Description of the task:
The output should be limited to the line holding "(* |Dx| in R^n, with Dx = [D_h x ; D_v x] *)" and the lines after it through the end of the entries, each restated exactly.

▽

(* Assume $\ker(K)\cap\ker(D)=\{0\}$ and fix $\delta\ge0$ and data $y^\delta$. Let $\{\Psi_k\}_{k\in\mathbb{N}}$ be a sequence of reconstructors and $\Psi^*$ a reconstructor such that $\sup_{y\in\mathcal{Y}^\delta}\|\Psi_k(y)-\Psi^*(y)\|_1\to0$ as $k\to\infty$, where $\mathcal{Y}^\delta=\{y\in\mathbb{R}^m:\inf_{x\in\mathcal{X}}\|Kx-y\|_2\le\delta\}$. For each $k$ let $x^*_{\Psi_k,\delta}$ be the unique minimizer over $\mathcal{X}$ of $\mathcal{J}_{\Psi_k,\delta}(x)=\|Kx-y^\delta\|_2^2+\lambda\|w(\Psi_k(y^\delta))\odot|Dx|\|_1$, and let $x^*_{\Psi^*,\delta}$ denote the unique minimizer over $\mathcal{X}$ of $\mathcal{J}_{\Psi^*,\delta}(x)=\|Kx-y^\delta\|_2^2+\lambda\|w(\Psi^*(y^\delta))\odot|Dx|\|_1$. Then $\{x^*_{\Psi_k,\delta}\}_{k\in\mathbb{N}}$ has a convergent subsequence whose limit is $x^*_{\Psi^*,\delta}$.
   Context: Let $K\in\mathbb{R}^{m\times n}$ with $m\le n$, and let $D_h,D_v\in\mathbb{R}^{n\times n}$ be the discrete horizontal and vertical difference operators; $Dx=\begin{bmatrix}D_hx\\ D_vx\end{bmatrix}\in\mathbb{R}^{2n}$, and $|Dx|\in\mathbb{R}^n$, $(|Dx|)_i=\sqrt{(D_hx)_i^2+(D_vx)_i^2}$. $\mathcal{X}=\{x\in\mathbb{R}^n: x_i\ge 0\ \forall i\}$. Fix $\lambda>0$, $\eta>0$, $p\in(0,1)$, and for $\tilde x\in\mathbb{R}^n$ define $(w(\tilde{x}))_i=\big(\eta/\sqrt{\eta^2+(|D\tilde{x}|)_i^2}\big)^{1-p}$. A reconstructor is a Lipschitz continuous map $\Psi:\mathbb{R}^m\to\mathbb{R}^n$. The data is $y^\delta=Kx^{GT}+e$ with $x^{GT}\in\mathcal{X}$ and $\|e\|_2\le\delta$. $\odot$ is the entrywise product. *)

From HB Require Import structures.
From mathcomp Require Import all_boot all_order all_algebra.
From mathcomp Require Import all_classical all_reals all_analysis.
Set Implicit Arguments. Unset Strict Implicit. Unset Printing Implicit Defensive.
Import Order.TTheory GRing.Theory Num.Theory.
Import numFieldNormedType.Exports.
Local Open Scope classical_set_scope.
Local Open Scope ring_scope.

Section Defs.
Variable R : realType.

Definition norm2 {k : nat} (v : 'cV[R]_k) : R := Num.sqrt (\sum_i (v i 0) ^+ 2).
Definition norm1 {k : nat} (v : 'cV[R]_k) : R := \sum_i `|v i 0|.

Definition Xset (n : nat) : set 'cV[R]_n := [set x | forall i, 0 <= x i 0].
Arguments Xset n : clear implicits.

(* |Dx| in R^n, with Dx = [D_h x ; D_v x] *)
Definition absD {n : nat} (Dh Dv : 'M[R]_n) (x : 'cV[R]_n) : 'cV[R]_n :=
  \col_i Num.sqrt (((Dh *m x) i 0) ^+ 2 + ((Dv *m x) i 0) ^+ 2).

Definition weight {n : nat} (Dh Dv : 'M[R]_n) (eta p : R) (xt : 'cV[R]_n) : 'cV[R]_n :=
  \col_i ((eta / Num.sqrt (eta ^+ 2 + (absD Dh Dv xt i 0) ^+ 2)) `^ (1 - p)).

Definition Jfun {m n : nat} (K : 'M[R]_(m, n)) (Dh Dv : 'M[R]_n) (lam eta p : R)
  (Psi : 'cV[R]_m -> 'cV[R]_n) (y : 'cV[R]_m) (x : 'cV[R]_n) : R :=
  (norm2 (K *m x - y)) ^+ 2 +
  lam * norm1 (\col_i (weight Dh Dv eta p (Psi y) i 0 * absD Dh Dv x i 0)).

△

Output below:
(* |Dx| in R^n, with Dx = [D_h x ; D_v x] *)
Definition absD {n : nat} (Dh Dv : 'M[R]_n) (x : 'cV[R]_n) : 'cV[R]_n :=
  \col_i Num.sqrt (((Dh *m x) i 0) ^+ 2 + ((Dv *m x) i 0) ^+ 2).

Definition weight {n : nat} (Dh Dv : 'M[R]_n) (eta p : R) (xt : 'cV[R]_n) : 'cV[R]_n :=
  \col_i ((eta / Num.sqrt (eta ^+ 2 + (absD Dh Dv xt i 0) ^+ 2)) `^ (1 - p)).

Definition Jfun {m n : nat} (K : 'M[R]_(m, n)) (Dh Dv : 'M[R]_n) (lam eta p : R)
  (Psi : 'cV[R]_m -> 'cV[R]_n) (y : 'cV[R]_m) (x : 'cV[R]_n) : R :=
  (norm2 (K *m x - y)) ^+ 2 +
  lam * norm1 (\col_i (weight Dh Dv eta p (Psi y) i 0 * absD Dh Dv x i 0)).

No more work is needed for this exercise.